Pois claro, vamos lá então.

Apresento-me no Regimento de Lanceiros de Lisboa, Polícia do Exército, na calçada da Ajuda.

A tia Ana tinha dito à minha mãe que havia lá um sargento, que me livrava da tropa.

-Só tem que lá ir por uns dias, – disse a tia Ana de Lisboa à minha mãe, – só para marcar ponto, e logo, logo, está de volta a Felgueiras.

Quem me visse agora teria dificuldades de visualizar esta, apesar de tudo modesta revelação, mas nessa altura além de muito magro eu era também muito pálido.

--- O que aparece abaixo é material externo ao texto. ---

Lemma strip_block_count : (length (strip s w) / L = N - 2)%nat.
Proof.
  rewrite length_strip, s_len, w_len.
  replace (N * L - L - L)%nat with ((N - 2) * L)%nat by nia.
  apply Nat.div_mul; lia.
Qed.

Hypothesis N_ge2 : (2 <= N)%nat.
Hypothesis s_prefix : occurs_at s w 0.

Lemma nth_prefix_sturm t : (t < L)%nat -> nth t s 0%nat = sturm alpha rho t.
Proof.
  intros Ht; rewrite w_sturm by nia.
  symmetry; apply (occurs_at_iff s w 0); [nia | exact s_prefix | lia].
Qed.

Lemma first_letter_sturm : first_letter s = sturm alpha rho 0.
Proof. apply nth_prefix_sturm; exact L_pos. Qed.

Lemma last_letter_sturm : last_letter s = sturm alpha rho (L - 1).
Proof. unfold last_letter; rewrite s_len; apply nth_prefix_sturm; lia. Qed.

Lemma first_letter_block i :
  (i < N - 2)%nat -> first_letter (block L (strip s w) i) = sturm alpha rho (S i * L).
Proof.
  intros Hi; unfold first_letter.
  rewrite nth_block, nth_strip, s_len, w_sturm by (rewrite ?s_len, ?w_len; nia).
  f_equal; lia.
Qed.

Lemma last_letter_block i :
  (i < N - 2)%nat -> last_letter (block L (strip s w) i) = sturm alpha rho ((i + 2) * L - 1).
Proof.
  intros Hi; unfold last_letter.
  rewrite length_block by (rewrite length_strip, s_len, w_len; nia).
  rewrite nth_block, nth_strip, s_len, w_sturm by (rewrite ?s_len, ?w_len; nia).
  f_equal; nia.
Qed.

Lemma block_letters_first_return lam c :
  block_letters alpha rho L N lam c ->
  let n := (length (strip s w) / L)%nat in
  (forall i, (i < lam)%nat ->
     (i < n)%nat /\ last_letter (block L (strip s w) i) = last_letter s) /\
  (forall i, (n - lam <= i < n)%nat -> first_letter (block L (strip s w) i) = first_letter s) /\
  first_letter s = last_letter s.
Proof.
  intros (H0 & H1 & Hhead & Htail) n; unfold n; rewrite strip_block_count.
  rewrite first_letter_sturm, last_letter_sturm, H0, H1.
  split; [|split; [|reflexivity]].
  - intros i Hi; destruct (Hhead i Hi) as [HiN Hc]; rewrite last_letter_block; auto.
  - intros i Hi; rewrite first_letter_block by lia; apply Htail; lia.
Qed.

End FirstReturnWord.

Lemma complete_first_return_orbit alpha s w L :
  (0 < L)%nat -> length s = L -> in_lang alpha w -> complete_first_return s w ->
  exists rho N, in_circle rho /\ (2 <= N)%nat /\ length w = (N * L)%nat /\
    (forall j, (j < length w)%nat -> sturm alpha rho j = nth j w 0%nat) /\
    first_return_orbit alpha s L rho N.
Proof.
  intros HL Hs [rho0 [Hrho0 [i0 Hw]]]
    (Hocc0 & HoccE & Hmod & (i & j & Hij & [Hi _] & [Hj _]) & Honly).
  set (rho := Nat.iter i0 (rot alpha) rho0).
  assert (Hrho : in_circle rho) by (apply iter_rot_circle, Hrho0).
  assert (Hw' : forall t, (t < length w)%nat -> sturm alpha rho t = nth t w 0%nat).
  { intros t Ht; unfold rho; rewrite <- sturm_shift; auto. }
  set (N := (length w / L)%nat).
  assert (HwN : length w = (N * L)%nat).
  { unfold N; rewrite (Nat.div_mod_eq (length w) L) at 1; rewrite Hs in Hmod; lia. }
  rewrite Hs, HwN in Hi, Hj, HoccE, Honly.
  assert (HN : (2 <= N)%nat) by (destruct N as [|[|N]]; nia).
  pose proof (occurs_at_block_iff alpha rho s w L N HL Hs HwN Hw' Hrho) as Hblock.
  exists rho, N; do 4 (split; [assumption|]).
  split; [|split].
  - apply Hblock; [lia | exact Hocc0].
  - apply Hblock; [lia|].
    replace ((N - 1) * L)%nat with (N * L - L)%nat by nia; exact HoccE.
  - intros t Ht Hcyl; apply Hblock in Hcyl; [|lia].
    destruct (Honly _ Hcyl (Nat.Div0.mod_mul t L)); nia.
Qed.

Lemma cylinder_same_letter alpha s r r' :
  (0 < length s)%nat -> cylinder alpha s r -> cylinder alpha s r' ->
  sturm alpha r 0 = sturm alpha r' 0.
Proof. intros Hs [_ Hr] [_ Hr']; rewrite Hr, Hr'; auto. Qed.

Section SingularFactor.

Variables (alpha : R) (a : nat -> nat).
Hypothesis alpha_01 : 0 < alpha < 1.
Hypothesis alpha_irrational : irrational alpha.
Hypothesis alpha_cf : is_cf_expansion alpha a.
Hypothesis a1_ge2 : (2 <= a 1)%nat.

Local Notation p k := (INR (cf_p a k)).
Local Notation q k := (INR (cf_q a k)).
Local Notation d k := (cf_dist a alpha k).

Let a_pos := proj1 alpha_cf.

Lemma cf_dist_gt0 k : 0 < d k.
Proof. apply cf_dist_pos; assumption. Qed.

Lemma cf_dist_p_lt k : p (S (S k)) * d (S k) < alpha.
Proof.
  pose proof (cf_dist_p a alpha (S k)).
  assert (1 <= p (S k)) by (apply (le_INR 1); apply (cf_bounds a a_pos a1_ge2 k)).
  pose proof (cf_dist_gt0 (S (S k))); nra.
Qed.

Lemma cf_dist_qp_lt k : INR (cf_q a (S (S k)) - cf_p a (S (S k))) * d (S k) < 1 - alpha.
Proof.
  pose proof (cf_bounds a a_pos a1_ge2 (S k)) as (_ & Hpq & _).
  pose proof (cf_bounds a a_pos a1_ge2 (S (S k))) as (_ & Hpq2 & _).
  assert (1 <= q (S k) - p (S k)) by (rewrite <- minus_INR by lia; apply (le_INR 1); lia).
  rewrite minus_INR by lia.
  pose proof (cf_dist_q a alpha (S k)); pose proof (cf_dist_p a alpha (S k)).
  pose proof (cf_dist_gt0 (S (S k))); nra.
Qed.

Lemma iter_rot_cf_q k x :
  exists z, Nat.iter (cf_q a k) (rot alpha) x = x + (-1) ^ k * d k - IZR z.
Proof.
  destruct (iter_rot_shift alpha (cf_q a k) x) as [z Hz].
  exists (z - Z.of_nat (cf_p a k))%Z.
  rewrite Hz, cf_q_mul_alpha, minus_IZR, <- INR_IZR_INZ; ring.
Qed.

Lemma singular_factor_cylinder k s :
  singular_factor alpha a (S k) s ->
  if Nat.odd (S k) then forall r, cylinder alpha s r <-> 0 <= r < d (S k)
  else forall r, cylinder alpha s r <-> 1 - d (S k) <= r < 1.
Proof.
  intros (_ & Hlen & Hcyl).
  assert (Hs : (0 < length s)%nat) by (rewrite Hlen; apply (cf_bounds a a_pos a1_ge2)).
  pose proof (cf_dist_gt0 (S k)); pose proof (cf_dist_p_lt k); pose proof (cf_dist_qp_lt k).
  pose proof (cf_bounds a a_pos a1_ge2 (S k)) as (_ & _ & Hp).
  pose proof (cf_bounds a a_pos a1_ge2 (S (S k))) as (_ & Hpq & _).
  assert (1 <= p (S (S k))) by (apply (le_INR 1); exact Hp).
  assert (1 <= INR (cf_q a (S (S k)) - cf_p a (S (S k)))) by (apply (le_INR 1); lia).
  rewrite cf_q_mul_alpha, pow_m1_odd in Hcyl.
  (* The wrong orientation would put points of I_0 and of I_1 in the same cylinder. *)
  destruct (Nat.odd (S k)).
  - rewrite (frac_part_eq _ (- Z.of_nat (cf_p a (S k)))), opp_IZR, <- INR_IZR_INZ in Hcyl
      by (rewrite opp_IZR, <- INR_IZR_INZ; nra).
    destruct Hcyl as [Hcyl | Hcyl]; [intros r; rewrite Hcyl; split; intros; lra|].
    exfalso.
    assert (Hletter : sturm alpha (d (S k)) 0 = sturm alpha (1 - alpha) 0).
    { apply cylinder_same_letter with s; [exact Hs | apply Hcyl; nra | apply Hcyl; nra]. }
    rewrite sturm_0, sturm_1 in Hletter by (simpl; nra); discriminate.
  - rewrite (frac_part_eq _ (- Z.of_nat (cf_p a (S k)) - 1)), minus_IZR, opp_IZR,
      <- INR_IZR_INZ in Hcyl
      by (rewrite minus_IZR, opp_IZR, <- INR_IZR_INZ; nra).
    destruct Hcyl as [Hcyl | Hcyl]; [|intros r; rewrite Hcyl; split; intros; lra].
    exfalso.
    assert (Hletter : sturm alpha 0 0 = sturm alpha (1 - alpha) 0).
    { apply cylinder_same_letter with s; [exact Hs | apply Hcyl; nra | apply Hcyl; nra]. }
    rewrite sturm_0, sturm_1 in Hletter by (simpl; nra); discriminate.
Qed.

Quando cheguei à porta de armas do Regimento de Lanceiros, dois tipos faziam guarda, enfiados numa farda militar impecavelmente limpa e engomada, e o capacete branco com as letras PE a preto, atarraxado na cabeça.

Como o capacete lhes assentava quase na cana do nariz tinham que levantar bem a cabeça para puderem ver o mundo fora dele.

Um deles perguntou-me

– O que é que tas aqui a fazer pá?

E o outro, sem que eu tivesse tempo para responder, disse.

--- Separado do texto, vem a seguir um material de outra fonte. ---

Lemma covering_loop u x (L : seq Q) : 0 < size x -> foldl rho (memory u) x = memory u ->
  (forall q', q' \in L ->
     connect (edge A) (tau (memory u)) q' /\ connect (edge A) q' (tau (memory u))) ->
  exists z, foldl rho (memory u) z = memory u /\
     forall q', q' \in L -> exists m, m \in visited (memory u) z /\ tau m = q'.
Proof.
move=> Hx Lx; elim: L => [|q' L IH] HL; first by exists [::].
have [z [Lz Hcov]] : exists z, foldl rho (memory u) z = memory u /\
    forall q'', q'' \in L -> exists m, m \in visited (memory u) z /\ tau m = q''.
  by apply: IH => q'' Hq''; apply: HL; rewrite inE Hq'' orbT.
have [Hto Hfrom] := HL q' (mem_head _ _).
have [u' Hu'] := connect_memory Hto.
have [p1 L1] : exists p, foldl rho (memory u) p = memory u' by apply: reach_connect; rewrite Hu'.
have [p2 L2] : exists p, foldl rho (memory u') p = memory u by apply: reach_connect; rewrite Hu'.
exists (z ++ p1 ++ p2 ++ x); split; first by rewrite !foldl_cat Lz L1 L2.
move=> q''; rewrite inE => /predU1P [->|/Hcov [m [Hm <-]]].
  exists (memory u'); rewrite visited_cat mem_cat Lz; split => //; apply/orP; right.
  apply/mem_visited; exists (size p1); last by rewrite take_size_cat.
  by rewrite !size_cat -[X in X < _]addn0 ltn_add2l addn_gt0 Hx orbT.
by exists m; rewrite visited_cat mem_cat Hm.
Qed.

-Alguém te foi buscar a casa para te trazer para aqui?

Ao que eu respondi, – Não, eu vim cá ter…

Entreolharam-se de maneira sarcástica até que um disse,

– És mesmo estupido, vens para aqui de livre vontade, – e eu percebi que ele falava pelos dois – toca a entrar lá para dentro. Vais direitinho à Isabel Queiroz do Vale.

Ainda pensei argumentar que não foi por livre vontade não senhor que eu lá fui parar, mas fiquei tão curioso com essa tal isabel Queiroz do Vale que achei desnecessário começar um argumento que estava condenado ao fracasso.  Os meses que se seguiram foram a prova disso.

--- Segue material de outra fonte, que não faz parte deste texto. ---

(* For every $n\ge2$, $$\sum_{k=1}^{n-1}k^2\,d_{k,n}=(4n-1)(2n-3)!!-3(2n-2)!!.$$
   Context: $\mathcal{T}_n$ is the set of fully resolved (binary) rooted trees with leaves bijectively labeled by $\{1,\dots,n\}$, and $d_{k,n}=|\{T\in\mathcal{T}_n:\delta_T(1)=k\}|$, where $\delta_T(1)$ is the depth (number of arcs from the root) of leaf $1$ in $T$. Double factorials: $(2m-1)!!=(2m-1)(2m-3)\cdots1$, $(2m)!!=(2m)(2m-2)\cdots2$, $0!!=1$. *)

From HB Require Import structures.
From mathcomp Require Import all_boot all_order all_algebra.
Set Implicit Arguments. Unset Strict Implicit. Unset Printing Implicit Defensive.

Inductive tree := Leaf of nat | Node of tree & tree.

Fixpoint tree_eqb (t u : tree) : bool :=
  match t, u with
  | Leaf a, Leaf b => a == b
  | Node l r, Node l' r' => tree_eqb l l' && tree_eqb r r'
  | _, _ => false
  end.

Lemma tree_eqP : Equality.axiom tree_eqb.
Proof.
elim=> [a|l IHl r IHr] [b|l' r'] /=; try by constructor.
- by apply: (iffP eqP) => [->|[]].
- by case: (IHl l') => [<-|Hn]; case: (IHr r') => [<-|Hn'];
     constructor => //; case.
Qed.

HB.instance Definition _ := hasDecEq.Build tree tree_eqP.

Fixpoint leaves (t : tree) : seq nat :=
  match t with Leaf a => [:: a] | Node l r => leaves l ++ leaves r end.

Definition minleaf (t : tree) : nat := foldr minn (head 0 (leaves t)) (leaves t).

(* Children of a node are unordered: we pick the canonical orientation in
   which the left child contains the smaller minimum label. With distinct
   labels this gives a bijection between ordered trees in canonical form and
   (unordered) rooted binary trees. *)
Fixpoint canon (t : tree) : bool :=
  match t with
  | Leaf _ => true
  | Node l r => [&& minleaf l < minleaf r, canon l & canon r]
  end.

(* t is in T_n: a fully resolved rooted tree whose leaves are bijectively
   labelled by {1,...,n}. *)
Definition in_Tn (n : nat) (t : tree) : bool :=
  perm_eq (leaves t) (iota 1 n) && canon t.

Fixpoint depth (x : nat) (t : tree) : nat :=
  match t with
  | Leaf _ => 0
  | Node l r => if x \in leaves l then (depth x l).+1 else (depth x r).+1
  end.

Definition enum_Tn (n : nat) (s : seq tree) : Prop :=
  uniq s /\ forall t, (t \in s) = in_Tn n t.

Definition dkn (s : seq tree) (k : nat) : nat :=
  count (fun t => depth 1 t == k) s.

Fixpoint dfact (m : nat) : nat :=
  match m with
  | 0 => 1
  | 1 => 1
  | (p.+2) as q => q * dfact p
  end.

From HB Require Import structures.
From mathcomp Require Import all_boot all_order all_algebra.
From mathcomp Require Import ring zify.
Import GRing.Theory.

Set Implicit Arguments.
Unset Strict Implicit.
Unset Printing Implicit Defensive.

(* Every tree of T_(n+1) arises from exactly one tree u of T_n by grafting
   the leaf n+1 onto one of the 2n-1 edges of u (counting an edge above the
   root): the result is canonical because n+1 is the largest label, and
   pruning n+1 undoes the graft.  The graft lengthens the path to leaf 1
   exactly for the delta_u(1)+1 edges on that path, so the moments
   M_j(n) = sum_T delta_T(1)^j satisfy
     M_j(n+1) = sum_u ((delta+1)^(j+1) + (2n-2-delta) delta^j).
   For j = 0, 1, 2 this gives M_0(n+1) = (2n-1) M_0(n),
   M_1(n+1) = 2n M_1(n) + M_0(n) and M_2(n+1) = (2n+1) M_2(n) + 3 M_1(n) + M_0(n),
   solved by M_0 = (2n-3)!!, M_1 = (2n-2)!! - (2n-3)!! and
   M_2 = (4n-1)(2n-3)!! - 3(2n-2)!!. *)

Lemma size_leaves_gt0 t : 0 < size (leaves t).
Proof. elim: t => //= l IHl r IHr; rewrite size_cat; lia. Qed.

Lemma foldr_minn_mem c s : foldr minn c s \in c :: s.
Proof.
elim: s => [|a s IH] /=; first exact: mem_head.
rewrite /minn; case: ifP => _; first by rewrite !inE eqxx orbT.
by move: IH; rewrite !inE => /orP [->|->]; rewrite ?orbT.
Qed.

Lemma foldr_minn_le c s y : y \in s -> foldr minn c s <= y.
Proof.
elim: s => [|a s IH] //=; rewrite inE geq_min => /orP [/eqP->|/IH->].
- by rewrite leqnn.
- by rewrite orbT.
Qed.

Lemma minleaf_mem t : minleaf t \in leaves t.
Proof.
rewrite /minleaf; case: (leaves t) (size_leaves_gt0 t) => [|a s] // _.
by have := foldr_minn_mem a (a :: s); rewrite in_cons => /orP [/eqP->|//]; exact: mem_head.
Qed.

Lemma minleaf_le t y : y \in leaves t -> minleaf t <= y.
Proof. exact: foldr_minn_le. Qed.

Lemma minleaf_leaf a : minleaf (Leaf a) = a.
Proof. by rewrite /minleaf /= minnn. Qed.

Lemma minleaf_extend a b m :
  (forall y, (y \in leaves a) = (y \in leaves b) || (y == m)) ->
  (forall y, y \in leaves b -> y < m) -> minleaf a = minleaf b.
Proof.
move=> leaves_ab lt_bm; have := minleaf_mem a; rewrite leaves_ab.
have le_ab : minleaf a <= minleaf b by apply: minleaf_le; rewrite leaves_ab minleaf_mem.
case/orP => [/minleaf_le le_ba|/eqP eq_am]; first by apply/eqP; rewrite eqn_leq le_ab.
by have := lt_bm _ (minleaf_mem b); lia.
Qed.

Fixpoint graft (m : nat) (u : tree) : seq tree :=
  Node u (Leaf m) ::
  match u with
  | Leaf _ => [::]
  | Node l r => [seq Node l' r | l' <- graft m l] ++ [seq Node l r' | r' <- graft m r]
  end.

Fixpoint prune (m : nat) (t : tree) : tree :=
  match t with
  | Leaf a => Leaf a
  | Node l r => if l == Leaf m then r else if r == Leaf m then l
                else if m \in leaves l then Node (prune m l) r else Node l (prune m r)
  end.

Lemma graft_root m u : Node u (Leaf m) \in graft m u.
Proof. by case: u => *; rewrite mem_head. Qed.

Lemma graft_neq_leaf m u t a : t \in graft m u -> t != Leaf a.
Proof.
case: u => [b|l r] /=; rewrite in_cons => /orP [/eqP->//|] //.
by rewrite mem_cat => /orP [] /mapP [x _ ->].
Qed.

Lemma perm_leaves_graft m u t :
  t \in graft m u -> perm_eq (leaves t) (rcons (leaves u) m).
Proof.
elim: u t => [a|l IHl r IHr] t /=; rewrite in_cons => /orP [/eqP->|] /=;
  rewrite ?cats1 //.
rewrite mem_cat => /orP [] /mapP [x /= x_l ->] /=.
- apply: perm_trans (_ : perm_eq _ (rcons (leaves l) m ++ leaves r)) _.
    by rewrite perm_cat2r IHl.
  by rewrite -!cats1 -!catA perm_cat2l perm_catC.
- apply: perm_trans (_ : perm_eq _ (leaves l ++ rcons (leaves r) m)) _.
    by rewrite perm_cat2l IHr.
  by rewrite -!cats1 -!catA.
Qed.

Lemma mem_leaves_graft m u t y : t \in graft m u ->
  (y \in leaves t) = (y \in leaves u) || (y == m).
Proof. by move/perm_leaves_graft/perm_mem => ->; rewrite mem_rcons inE orbC. Qed.

Lemma size_graft m u : (size (graft m u)).+1 = (size (leaves u)).*2.
Proof.
elim: u => [a|l IHl r IHr] //=.
by rewrite size_cat !size_map size_cat; lia.
Qed.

Afinal a tal Isabel,  era a barbearia do regimento onde dois sargentos na idade da reforma, pensei eu na altura, um deles muito magro e alto, o outro a contas com uma barriga que mais parecia um bombo do agrupamento de Zés Pereiras, tosquiavam os recrutas como se fossem ovelhas.

Calhou-me o gordo.

Pegou na máquina de pente um, e só para se divertir abriu uma espécie de estrada na minha cabeça. Depois olhou-me através do espelho que para desgosto de quem tinha a infelicidade de o ter à sua frente, rasgou um sorriso de orelha a orelha, sorriso aparvalhado apesar de tudo, e disse.

– Fica-te a matar.

E de certa maneira eu achei que ele até tinha razão por que naquele momento senti-me morrer ao prever o meu novo look depois dele acabar a tortura que tinha iniciado com aquele primeiro desbaste.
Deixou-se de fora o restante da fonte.